'Get Bugged' at Design Museum on Biodiversity Museum Day

Feb 14, 2018

It's bugged. Yes, it is.

When you attend the seventh annual UC Davis Biodiversity Museum Day on Saturday, Feb. 17 to see 13 museums or collections, be sure to see It's Bugged: Insects' Role in Design, an exhibit in Cruess Hall that explores the connection between insects and people.

Or connects insects and people.

The display will be open from noon to 4 p.m., especially for Biodiversity Museum Day. (Note that the Design Museum exhibit is not open on Saturdays, but this Saturday it is. The event opened Jan. 8 and hours are from noon to 4 p.m. and on Sundays from 2 to 4 p.m,  through April 22. Admission is free.)

"Bugged" features the work of Department of Design faculty and graduate students, as well as displays from the Bohart Museum of Entomology and insect photos by UC Davis Ph.D alum Alex Wild, now curator of entomology at the University of Texas, Austin.

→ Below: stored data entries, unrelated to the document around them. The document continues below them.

(* (i) Let $r\geq 3$, let $p_1,\dots,p_r$ be distinct odd primes, $n=p_1\cdots p_r$ and $D=\{p_1,\dots,p_r\}$. Then the circulant graph $G(n;S)$ with $S=\bigcup_{d\in D}G_n(d)$ has diameter $2$. (ii) Let $p_1,\dots,p_r$ be distinct odd primes, $m=p_1\cdots p_r$, $n=2m^2$ and $D=\{(m/p_1)^2,\dots,(m/p_r)^2\}$. Then the circulant graph $G(n;S)$ with $S=\bigcup_{d\in D}G_n(d)$ has diameter $2r+1$.
   Context: For a divisor $d$ of $n$, $G_n(d)=\{k : 1\le k\le n-1,\ \gcd(k,n)=d\}$. For a set $S\subseteq\{1,\dots,n-1\}$ with $s\in S$ iff $n-s\in S$, the circulant graph $G(n;S)$ is the undirected graph on vertex set $\mathbb{Z}_n$ in which $i$ and $j$ are adjacent iff $i-j \bmod n\in S$. The diameter is the maximum over vertex pairs of the shortest-path distance. *)

From mathcomp Require Import all_boot.
Set Implicit Arguments. Unset Strict Implicit. Unset Printing Implicit Defensive.

Definition Gn (n d k : nat) : bool := (0 < k < n) && (gcdn k n == d).

Definition Sunion (n : nat) (D : seq nat) (k : nat) : bool :=
  has (fun d => Gn n d k) D.

(* Circulant graph G(n;S) on vertex set Z_n = {0,...,n-1}:
   i ~ j iff (i - j) mod n lies in S. *)
Definition circ_adj (n : nat) (S : pred nat) (i j : nat) : bool :=
  S ((i + (n - j)) %% n).

Definition walk (n : nat) (S : pred nat) (k i j : nat) : Prop :=
  exists s : seq nat, [/\ size s = k, all (fun v => v < n) s,
                          path (circ_adj n S) i s & last i s = j].

Definition is_dist (n : nat) (S : pred nat) (i j k : nat) : Prop :=
  walk n S k i j /\ (forall l, l < k -> ~ walk n S l i j).

Definition has_diameter (n : nat) (S : pred nat) (d : nat) : Prop :=
  (forall i j, i < n -> j < n -> exists2 k, k <= d & is_dist n S i j k) /\
  (exists i j, [/\ i < n, j < n & is_dist n S i j d]).

(* A walk of length k from i to j in G(n;S) is a k-term sum of elements of S congruent
   to i - j mod n, so G(n;S) has diameter d as soon as every residue is a sum of at most
   d elements of S while some residue is not a sum of fewer.
   (i) For n = p_1...p_r, an element of G_n(q) is a residue whose only prime divisor
   among the p_i is q.  By the Chinese remainder theorem every x is a + b with a in G_n(q1)
   and b in G_n(q2), where q1 = q2 divides x if some p_i does, and q1 <> q2 otherwise; at
   the remaining primes p >= 3 one picks a mod p different from 0 and from x.  Since 1 is
   not in S, the diameter is 2.
   (ii) For n = 2m^2, the elements of G_n((m/q)^2) are the odd residues prime to q and
   divisible by (m/q)^2; modulo q^2 they take every value prime to q, and modulo p^2 they
   vanish for p <> q.  Two of them reach any residue mod q^2, so two terms from each class
   reach every even residue mod n (a sum of 2r odd terms is even), and one more term every
   odd one.  Conversely a sum congruent to m needs at
   least two terms prime to q for each q (as q divides m but q^2 does not), and an odd
   number of odd terms: at least 2r + 1. *)

From mathcomp Require Import all_boot.
From Stdlib Require Import Classical.
Set Implicit Arguments. Unset Strict Implicit. Unset Printing Implicit Defensive.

Key attractions include the amazing work of professor emerita Ann Savageau of the Department of Design. For the exhibition, Savageau created a trilogy of wall pieces made from hornet nest paper, and a set of sculptures made of wood etched into striking patterns by bark beetle larvae.

The exhibition explores the two sides of the relationship between people and insects, Savageau told the crowd at the opening reception. “The first side shows how makers, designers, architects, and artists draw upon nature's patterns to create beautiful and useful materials and structures. The second side examines the collaboration of humans and insects as producers of raw materials, such as harvested silk and red dye made from cochineal. This human-insect relationship is complex and compelling.”

 “Insects have played a significant role in human cultures across the globe for millennia," Savageau related. "They have been revered as sacred, they have been used as food, dye, and ornament. They have been inspiration for human architecture, design and art. And some insect products, namely silk and cochineal, have been big players in global trade networks, economies, and conflicts.”

“But today, insect populations are disappearing at an alarming rate, and the implications for the health of our planet are staggering. Just look at the crash of honey bee populations in the US, and its implications for so many of our crops.”

In her talk, Savageau described the bald-faced hornet,  Dolichovespula maculata, "as an animal dear to my heart, because I use the paper from its nest to create artworks. This hornet creates large paper nests that have dozens of layers of paper with air pockets in between. Inside are multiple layers of brood combs where the queen lays hundreds of eggs. The larvae are fed chewed insects by the workers."

The retired professor and now full-time artist works with the patterns etched by bark beetle larvae under the bark of various trees, including pine and fir. "Each pattern serves a specific function for the beetles and their larvae," she said. For her piece titled  "Totems," she applied metallic paints to fill in either the beetle galleries or the top layer of wood. She collected the work of six different bark beetle species, each one with a distinctive pattern.

Exhibition curator Adrienne McGraw says of "It's Bugged": “The inspiration we draw from the natural world is endless. The challenge in the exhibit was focusing our story to the links between insects and textiles and forms. We selected key pieces from UC Davis' Joann C. Stabb Design Collection and works from collaborating artists, so the connection to insects could then be explored. Some of these relationships are centuries old, while other ways people are using insects and insect behavior is relatively new. What's exciting to me is to think about all the new products, designs, and technologies that are still to come as people continue to be inspired by insects. And what better place to encourage that than a university setting where so much creative work is already going on?”

Biodiversity Museum Day is free and open to the public. The following will be open from 9 a.m. to 1 p.m.: Museum of Wildlife and Fish Biology; Bohart Museum of Entomology, Raptor Center, Paleontology Collection, Arboretum and Public Garden; Phaff Yeast Culture Collection; and the Viticulture and Enology Culture Collection.

The following will be open from noon to 4 p.m.: Nematode Collection, Botanical Conservatory, Center for Plant Diversity Herbarium, Anthropology Museum, Häagen-Dazs Honey Bee Haven, and the Design Museum.